**REQUIRED ACTION**. Retype, word for word, each line between the lines holding "elim: n fmero => [|n IH] fmero." and "have aa : abs", inclusive, and leave the rest of the data alone.

(Extracted records)
(* Let $(k,|\cdot|)$ be an algebraically closed complete metrized field, $\mathbb{D}=\{|t|<1\}\subset k$, and let $P_t(z)=z^d+\alpha_1(t)z^{d-1}+\cdots+\alpha_d(t)$ with $d\ge2$ and $\alpha_i\in\mathcal{O}(\mathbb{D})[t^{-1}]$ (a meromorphic family of monic polynomials). Then there exist a constant $C>0$ and an integer $N\ge1$ such that the following holds: for every meromorphic function of the form $a(t)=t^{-l}(1+h(t))$ with $l\ge N$ an integer and $h$ analytic on $\mathbb{D}$ with $h(0)=0$ and $\sup_{\mathbb{D}}|h|\le\frac12$, one has $$\left|\frac1d\log|P_t(a(t))|-\log|a(t)|\right|\le C\quad\text{for all }0<|t|\le\tfrac12.$$
   Context: $\mathcal{O}(\mathbb{D})$ is the ring of analytic functions on $\mathbb{D}$ (power series converging on every disk of radius $\rho<1$); $\mathcal{O}(\mathbb{D})[t^{-1}]$ are meromorphic functions on $\mathbb{D}$ with poles only at $0$. *)

From mathcomp Require Import all_boot all_order all_algebra.
From mathcomp Require Import reals exp.
Set Implicit Arguments. Unset Strict Implicit. Unset Printing Implicit Defensive.
Import Order.TTheory GRing.Theory Num.Theory.
Local Open Scope ring_scope.

Section ValuedField.
Variables (R : realType) (k : fieldType) (abs : k -> R).

Definition abs_value : Prop :=
  [/\ (forall x, 0 <= abs x),
      (forall x, abs x = 0 <-> x = 0),
      (forall x y, abs (x * y) = abs x * abs y) &
      (forall x y, abs (x + y) <= abs x + abs y)].

Definition converges_to (u : nat -> k) (l : k) : Prop :=
  forall e : R, 0 < e -> exists N : nat, forall n, (N <= n)%N -> abs (u n - l) < e.

Definition cauchy_seq (u : nat -> k) : Prop :=
  forall e : R, 0 < e -> exists N : nat,
    forall m n, (N <= m)%N -> (N <= n)%N -> abs (u m - u n) < e.

Definition complete_abs : Prop :=
  forall u, cauchy_seq u -> exists l, converges_to u l.

(* f is in O(D): f is given on D = {|t| < 1} by a power series converging
   on every disk of radius rho < 1. *)
Definition analytic_D (f : k -> k) : Prop :=
  exists c : nat -> k,
    (forall rho : R, 0 < rho < 1 -> exists M : R, forall n, abs (c n) * rho ^+ n <= M)
    /\ (forall t, abs t < 1 -> converges_to (fun n => \sum_(i < n) c i * t ^+ i) (f t)).

Definition meromorphic_D0 (f : k -> k) : Prop :=
  exists (m : nat) (g : k -> k), analytic_D g /\
    (forall t, 0 < abs t < 1 -> f t = g t / t ^+ m).

End ValuedField.

From mathcomp Require Import all_boot all_order all_algebra.
From mathcomp Require Import reals exp ring lra.
Set Implicit Arguments. Unset Strict Implicit. Unset Printing Implicit Defensive.
Import Order.TTheory GRing.Theory Num.Theory.
Local Open Scope ring_scope.

(* The coefficients alpha_i have poles of order at
   most m at 0, so |alpha_i t| <= K |t|^-m for 0 < |t| <= 1/2, whereas
   |a| >= |t|^-l / 2.  Once l - m is so large that 2^(l - m) >= 4 d K, each
   lower term alpha_i(t) a^(d-i) of P_t(a) is at most |a|^d / (2 d), hence
   |a|^d / 2 <= |P_t(a)| <= 3 |a|^d / 2 and |log|P_t(a)| / d - log|a|| is at
   most (log 2) / d <= 1. *)

Lemma geometric_sum_le (R : realFieldType) (q : R) n :
  0 <= q < 1 -> \sum_(i < n) q ^+ i <= (1 - q)^-1.
Proof.
case/andP=> q0 q1; have q1' : 0 < 1 - q by rewrite subr_gt0.
rewrite -(ler_pM2l q1') mulfV ?gt_eqF // -opprB mulNr -subrX1 opprB.
by rewrite lerBlDr lerDl exprn_ge0.
Qed.

Lemma pow_dominates_pole_bound
    (R : realFieldType) (y K : R) (d m n l : nat) :
  1 <= y -> 0 <= K -> 4 * d%:R * K <= y ^+ n -> (m + n <= l)%N ->
  K * y ^+ m * (2 * d%:R) <= y ^+ l / 2.
Proof.
move=> y1 K0 Kn mnl.
have ym : 0 <= y ^+ m by rewrite exprn_ge0 // (le_trans ler01).
have : y ^+ m * y ^+ n <= y ^+ l by rewrite -exprD ler_weXn2l.
have := ler_wpM2l ym Kn; nra.
Qed.

Lemma exists_pow2_ge (R : archiRealFieldType) (x : R) : exists n, x <= 2 ^+ n.
Proof.
exists (Num.bound `|x|); apply: le_trans (ler_norm x) _.
apply: le_trans (ltW (archi_boundP (normr_ge0 x))) _.
by rewrite -natrX ler_nat ltnW // ltn_expl.
Qed.

Lemma ln_abs_le1 (R : realType) (r : R) : 2^-1 <= r <= 3/2 -> `|ln r| <= 1.
Proof.
case/andP=> r1 r2; have r0 : 0 < r by lra.
have := @le_ln1Dx R (r - 1) ltac:(lra); rewrite addrC subrK => lnr.
have rV2 : r^-1 <= 2 by rewrite -[2]invrK lef_pV2 ?posrE //; lra.
have rV0 : 0 < r^-1 by rewrite invr_gt0.
have := @le_ln1Dx R (r^-1 - 1) ltac:(lra).
rewrite addrC subrK lnV ?posrE // => lnrV.
by rewrite ler_norml; apply/andP; split; lra.
Qed.

Lemma dist_ln_root_le (R : realType) (A P : R) (d : nat) :
  (0 < d)%N -> 0 < A -> A ^+ d / 2 <= P <= A ^+ d * (3/2) ->
  `|d%:R^-1 * ln P - ln A| <= d%:R^-1.
Proof.
move=> d0 A0 /andP [P1 P2].
have Ad : 0 < A ^+ d by rewrite exprn_gt0.
have dR : 0 < d%:R :> R by rewrite ltr0n.
set r := P / A ^+ d.
have r12 : 2^-1 <= r <= 3/2.
  by rewrite /r ler_pdivlMr // ler_pdivrMr //; apply/andP; split; lra.
have -> : P = A ^+ d * r by rewrite /r mulrC divfK ?gt_eqF.
have r0 : 0 < r by case/andP: r12; lra.
rewrite lnM ?posrE // lnXn //.
have -> : d%:R^-1 * (ln A *+ d + ln r) - ln A = d%:R^-1 * ln r.
  by rewrite -mulr_natr; field; rewrite gt_eqF.
rewrite normrM ger0_norm ?invr_ge0 ?ler0n //.
by rewrite ler_piMr ?invr_ge0 ?ler0n // ln_abs_le1.
Qed.

Section AbsoluteValue.
Variables (R : realType) (k : fieldType) (abs : k -> R).
Hypothesis habs : abs_value abs.

Lemma abs_ge0 x : 0 <= abs x. Proof. by case: habs. Qed.

Lemma abs_eq0 x : (abs x == 0) = (x == 0).
Proof. by case: habs => _ H _ _; apply/eqP/eqP => /H. Qed.

Lemma abs0 : abs 0 = 0. Proof. by apply/eqP; rewrite abs_eq0. Qed.

Lemma abs_gt0 x : (0 < abs x) = (x != 0).
Proof. by rewrite lt_def abs_eq0 abs_ge0 andbT. Qed.

Lemma absM x y : abs (x * y) = abs x * abs y. Proof. by case: habs. Qed.

Lemma ler_absD x y : abs (x + y) <= abs x + abs y. Proof. by case: habs. Qed.

Lemma abs1 : abs 1 = 1.
Proof.
have a1 : abs 1 != 0 by rewrite abs_eq0 oner_eq0.
by apply: (mulfI a1); rewrite -absM !mulr1.
Qed.

Lemma absN x : abs (- x) = abs x.
Proof.
suff absN1 : abs (-1) = 1 by rewrite -mulN1r absM absN1 mul1r.
have : (abs (-1) - 1) * (abs (-1) + 1) = 0.
  by rewrite -subr_sqr expr2 -absM mulrNN mulr1 abs1 expr1n subrr.
have := abs_ge0 (-1); move=> a0 /eqP; rewrite mulf_eq0 => /orP [] /eqP; lra.
Qed.

Lemma absX x n : abs (x ^+ n) = abs x ^+ n.
Proof. by elim: n => [|n IH]; rewrite ?abs1 // !exprS absM IH. Qed.

Lemma absV x : abs (x^-1) = (abs x)^-1.
Proof.
have [->|x0] := eqVneq x 0; first by rewrite invr0 abs0 invr0.
have ax : abs x != 0 by rewrite abs_eq0.
by apply: (mulfI ax); rewrite -absM !mulfV // abs1.
Qed.

Lemma lerB_absD x y : abs x - abs y <= abs (x + y).
Proof. by have := ler_absD (x + y) (- y); rewrite addrK absN lerBlDr. Qed.

Lemma ler_abs_sum (I : Type) (r : seq I) (P : pred I) (F : I -> k) :
  abs (\sum_(i <- r | P i) F i) <= \sum_(i <- r | P i) abs (F i).
Proof.
elim/big_ind2: _ => [|x1 x2 y1 y2 le1 le2|//]; first by rewrite abs0.
exact: le_trans (ler_absD _ _) (lerD le1 le2).
Qed.

Lemma abs_limit_le u l B :
  converges_to abs u l -> (forall n, abs (u n) <= B) -> abs l <= B.
Proof.
move=> ul uB; apply/ler_addgt0Pr => e e0; have [N HN] := ul e e0.
have := ler_absD (u N) (l - u N); rewrite addrC subrK -[abs (l - _)]absN opprB.
by have := HN N (leqnn N); have := uB N; lra.
Qed.

Lemma analytic_bounded g rho : analytic_D abs g -> 0 <= rho < 1 ->
  exists2 K, 0 <= K & forall t, abs t <= rho -> abs (g t) <= K.
Proof.
case=> c [cbound conv] /andP [rho0 rho1].
(* On |t| <= rho the terms c_i t^i are dominated by M (rho / r)^i. *)
pose r := (1 + rho) / 2; have [M HM] := cbound r ltac:(rewrite /r; lra).
pose q := rho / r; have r0 : 0 < r by rewrite /r; lra.
have q01 : 0 <= q < 1.
  by rewrite /q ler_pdivlMr ?ltr_pdivrMr // mul0r mul1r rho0 /r; lra.
have M0 : 0 <= M by apply: le_trans (HM 0%N); rewrite mulr_ge0 ?abs_ge0.
have qV : 0 < (1 - q)^-1 by rewrite invr_gt0 subr_gt0; case/andP: q01.
exists (M * (1 - q)^-1) => [|t trho]; first exact: mulr_ge0 M0 (ltW qV).
apply: abs_limit_le (conv t (le_lt_trans trho rho1)) _ => n.
apply: le_trans (ler_abs_sum _ _ _) _.
apply: le_trans (ler_wpM2l M0 (geometric_sum_le n q01)); rewrite mulr_sumr.
apply: ler_sum => i _; rewrite absM absX.
have -> : M * q ^+ i = M / r ^+ i * rho ^+ i by rewrite expr_div_n mulrA mulrAC.
apply: (@le_trans _ _ (abs (c i) * rho ^+ i)).
  by rewrite ler_wpM2l ?abs_ge0 // lerXn2r ?nnegrE ?abs_ge0.
by rewrite ler_wpM2r ?exprn_ge0 // ler_pdivlMr ?exprn_gt0.
Qed.

Definition pole_bounded (f : k -> k) (rho K : R) (m : nat) : Prop :=
  forall t, 0 < abs t <= rho -> abs (f t) <= K * (abs t)^-1 ^+ m.

Lemma pole_bounded_le f rho K K' m m' : rho <= 1 -> 0 <= K -> K <= K' ->
  (m <= m')%N -> pole_bounded f rho K m -> pole_bounded f rho K' m'.
Proof.
move=> rho1 K0 KK' mm' fb t /andP [t0 trho]; apply: le_trans (fb t _) _.
  by rewrite t0 trho.
have y1 : 1 <= (abs t)^-1 by rewrite invf_ge1 // (le_trans trho).
by rewrite ler_pM ?exprn_ge0 ?ler_weXn2l // (le_trans ler01).
Qed.

Lemma meromorphic_pole_bounded f rho : meromorphic_D0 abs f -> 0 <= rho < 1 ->
  exists K m, 0 <= K /\ pole_bounded f rho K m.
Proof.
case=> m [g [ga fg]] rho01; have [K K0 gK] := analytic_bounded ga rho01.
exists K, m; split=> // t /andP [t0 trho].
rewrite fg ?t0 ?(le_lt_trans trho) //; last by case/andP: rho01.
by rewrite absM absV absX -exprVn ler_wpM2r ?exprn_ge0 ?invr_ge0 ?abs_ge0 ?gK.
Qed.

Lemma meromorphic_pole_bounded_uniform (f : nat -> k -> k) n rho :
  (forall i, (1 <= i <= n)%N -> meromorphic_D0 abs (f i)) -> 0 <= rho < 1 ->
  exists K m, 0 <= K /\ forall i, (1 <= i <= n)%N -> pole_bounded (f i) rho K m.
Proof.
move=> fmero rho01; have rho1 : rho <= 1 by case/andP: rho01 => _ /ltW.
elim: n fmero => [|n IH] fmero.
  by exists 0, 0%N; split=> // i /andP [/leq_trans H /H].
have [K1 [m1 [K10 fb1]]] : exists K m, 0 <= K /\
    forall i, (1 <= i <= n)%N -> pole_bounded (f i) rho K m.
  by apply: IH => i /andP [i1 iin]; apply: fmero; rewrite i1 leqW.
have [K2 [m2 [K20 fb2]]] :=
  meromorphic_pole_bounded (fmero n.+1 (leqnn _)) rho01.
exists (K1 + K2), (m1 + m2)%N; split; first by rewrite addr_ge0.
move=> i /andP [i1]; rewrite leq_eqVlt ltnS => /orP [/eqP -> | iin].
  by apply: pole_bounded_le fb2; rewrite ?lerDr ?leq_addl.
by apply: pole_bounded_le (fb1 i _); rewrite ?lerDl ?leq_addr ?i1.
Qed.

Lemma abs_mul1D_ge z x : abs x <= 2^-1 -> abs z / 2 <= abs (z * (1 + x)).
Proof.
move=> x2; rewrite absM ler_wpM2l ?abs_ge0 //.
by have := lerB_absD 1 x; rewrite abs1; lra.
Qed.

Lemma abs_lower_terms_le (a : k) (c : nat -> k) (d : nat) :
  (0 < d)%N -> 1 <= abs a ->
  (forall i, (1 <= i <= d)%N -> abs (c i) * (2 * d%:R) <= abs a) ->
  abs (\sum_(1 <= i < d.+1) c i * a ^+ (d - i)) <= abs a ^+ d / 2.
Proof.
move=> d0 a1 cb; have dR : 0 < d%:R :> R by rewrite ltr0n.
have sum_eq : \sum_(1 <= i < d.+1) abs a ^+ d / (2 * d%:R) = abs a ^+ d / 2.
  by rewrite sumr_const_nat subn1 -mulr_natr; field; rewrite gt_eqF.
rewrite -sum_eq; apply: le_trans (ler_abs_sum _ _ _) _.
rewrite big_nat_cond [X in _ <= X]big_nat_cond; apply: ler_sum => i.
rewrite andbT => /andP [i1 id]; rewrite absM absX ler_pdivlMr ?mulr_gt0 //.
have aa : abs a * abs a ^+ (d - i) <= abs a ^+ d.
  by rewrite -exprS ler_weXn2l // ltn_subrL i1 d0.
apply: le_trans aa; rewrite mulrAC ler_wpM2r ?exprn_ge0 ?abs_ge0 //.
by rewrite cb ?i1.
Qed.

Lemma dist_ln_abs_monic_le (a s : k) (d : nat) : (0 < d)%N -> a != 0 ->
  abs s <= abs a ^+ d / 2 ->
  a ^+ d + s != 0 /\ `|d%:R^-1 * ln (abs (a ^+ d + s)) - ln (abs a)| <= d%:R^-1.
Proof.
move=> d0 a0 sa; have A0 : 0 < abs a by rewrite abs_gt0.
have Ad : 0 < abs a ^+ d by rewrite exprn_gt0.
have P1 : abs a ^+ d / 2 <= abs (a ^+ d + s).
  by have := lerB_absD (a ^+ d) s; rewrite absX; lra.
have P2 : abs (a ^+ d + s) <= abs a ^+ d * (3/2).
  by have := ler_absD (a ^+ d) s; rewrite absX; lra.
split; first by rewrite -abs_gt0; lra.
by apply: dist_ln_root_le; rewrite ?P1.
Qed.

End AbsoluteValue.

Theorem lemma2p1 (R : realType) (k : closedFieldType) (abs : k -> R)
  (habs : abs_value abs) (hcomp : complete_abs abs)
  (d : nat) (hd : (2 <= d)%N) (alpha : nat -> k -> k)
  (halpha : forall i, (1 <= i <= d)%N -> meromorphic_D0 abs (alpha i)) :
  exists C : R, 0 < C /\ exists N : nat, (1 <= N)%N /\
    forall (l : nat) (h : k -> k), (N <= l)%N ->
      analytic_D abs h -> h 0 = 0 -> (forall t, abs t < 1 -> abs (h t) <= 2^-1) ->
      forall t : k, 0 < abs t <= 2^-1 ->
        let a := t ^- l * (1 + h t) in
        let Pa := a ^+ d + \sum_(1 <= i < d.+1) alpha i t * a ^+ (d - i) in
        Pa != 0 /\ `| d%:R^-1 * ln (abs Pa) - ln (abs a) | <= C.
Proof.
have [K [m [K0 alphaK]]] :=
  meromorphic_pole_bounded_uniform habs halpha (rho := 2^-1) ltac:(lra).
have [n Kn] := exists_pow2_ge (4 * d%:R * K).
have d0 : (0 < d)%N by apply: ltnW.
exists 1; split => //; exists (m + n).+1; split => // l h ml _ _ hsmall t.
case/andP=> t0 t2 a Pa.
have y2 : 2 <= (abs t)^-1 by rewrite -[2]invrK lef_pV2 ?posrE //; lra.
have ay : (abs t)^-1 ^+ l / 2 <= abs a.
  by rewrite -(absV habs) -(absX habs) exprVn abs_mul1D_ge // hsmall //; lra.
have a1 : 1 <= abs a.
  apply: le_trans ay; rewrite ler_pdivlMr // mul1r.
  have y1 : 1 <= (abs t)^-1 by lra.
  apply: le_trans y2 _; rewrite -{1}(expr1 (abs t)^-1).
  by rewrite ler_weXn2l // (leq_trans _ ml).
have coef i : (1 <= i <= d)%N -> abs (alpha i t) * (2 * d%:R) <= abs a.
  move=> id; apply: le_trans ay.
  apply: (@le_trans _ _ (K * (abs t)^-1 ^+ m * (2 * d%:R))).
    by rewrite ler_wpM2r ?mulr_ge0 ?ler0n ?alphaK ?t0.
  apply: (pow_dominates_pole_bound (n := n)) => //; first lra; last exact: ltnW.
  by apply: le_trans Kn _; apply: lerXn2r; rewrite ?nnegrE; lra.
have a0 : a != 0 by rewrite -(abs_gt0 habs); lra.
have [Pa0 close] :=
  dist_ln_abs_monic_le habs d0 a0 (abs_lower_terms_le habs d0 a1 coef).
split => //; apply: le_trans close _.
by rewrite invf_le1 ?ler1n ?ltr0n // ltnW.
Qed.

**EXERCISE ANSWER**.
elim: n fmero => [|n IH] fmero.
  by exists 0, 0%N; split=> // i /andP [/leq_trans H /H].
have [K1 [m1 [K10 fb1]]] : exists K m, 0 <= K /\
    forall i, (1 <= i <= n)%N -> pole_bounded (f i) rho K m.
  by apply: IH => i /andP [i1 iin]; apply: fmero; rewrite i1 leqW.
have [K2 [m2 [K20 fb2]]] :=
  meromorphic_pole_bounded (fmero n.+1 (leqnn _)) rho01.
exists (K1 + K2), (m1 + m2)%N; split; first by rewrite addr_ge0.
move=> i /andP [i1]; rewrite leq_eqVlt ltnS => /orP [/eqP -> | iin].
  by apply: pole_bounded_le fb2; rewrite ?lerDr ?leq_addl.
by apply: pole_bounded_le (fb1 i _); rewrite ?lerDl ?leq_addr ?i1.
Qed.

Lemma abs_mul1D_ge z x : abs x <= 2^-1 -> abs z / 2 <= abs (z * (1 + x)).
Proof.
move=> x2; rewrite absM ler_wpM2l ?abs_ge0 //.
by have := lerB_absD 1 x; rewrite abs1; lra.
Qed.

Lemma abs_lower_terms_le (a : k) (c : nat -> k) (d : nat) :
  (0 < d)%N -> 1 <= abs a ->
  (forall i, (1 <= i <= d)%N -> abs (c i) * (2 * d%:R) <= abs a) ->
  abs (\sum_(1 <= i < d.+1) c i * a ^+ (d - i)) <= abs a ^+ d / 2.
Proof.
move=> d0 a1 cb; have dR : 0 < d%:R :> R by rewrite ltr0n.
have sum_eq : \sum_(1 <= i < d.+1) abs a ^+ d / (2 * d%:R) = abs a ^+ d / 2.
  by rewrite sumr_const_nat subn1 -mulr_natr; field; rewrite gt_eqF.
rewrite -sum_eq; apply: le_trans (ler_abs_sum _ _ _) _.
rewrite big_nat_cond [X in _ <= X]big_nat_cond; apply: ler_sum => i.
rewrite andbT => /andP [i1 id]; rewrite absM absX ler_pdivlMr ?mulr_gt0 //.
have aa : abs a * abs a ^+ (d - i) <= abs a ^+ d.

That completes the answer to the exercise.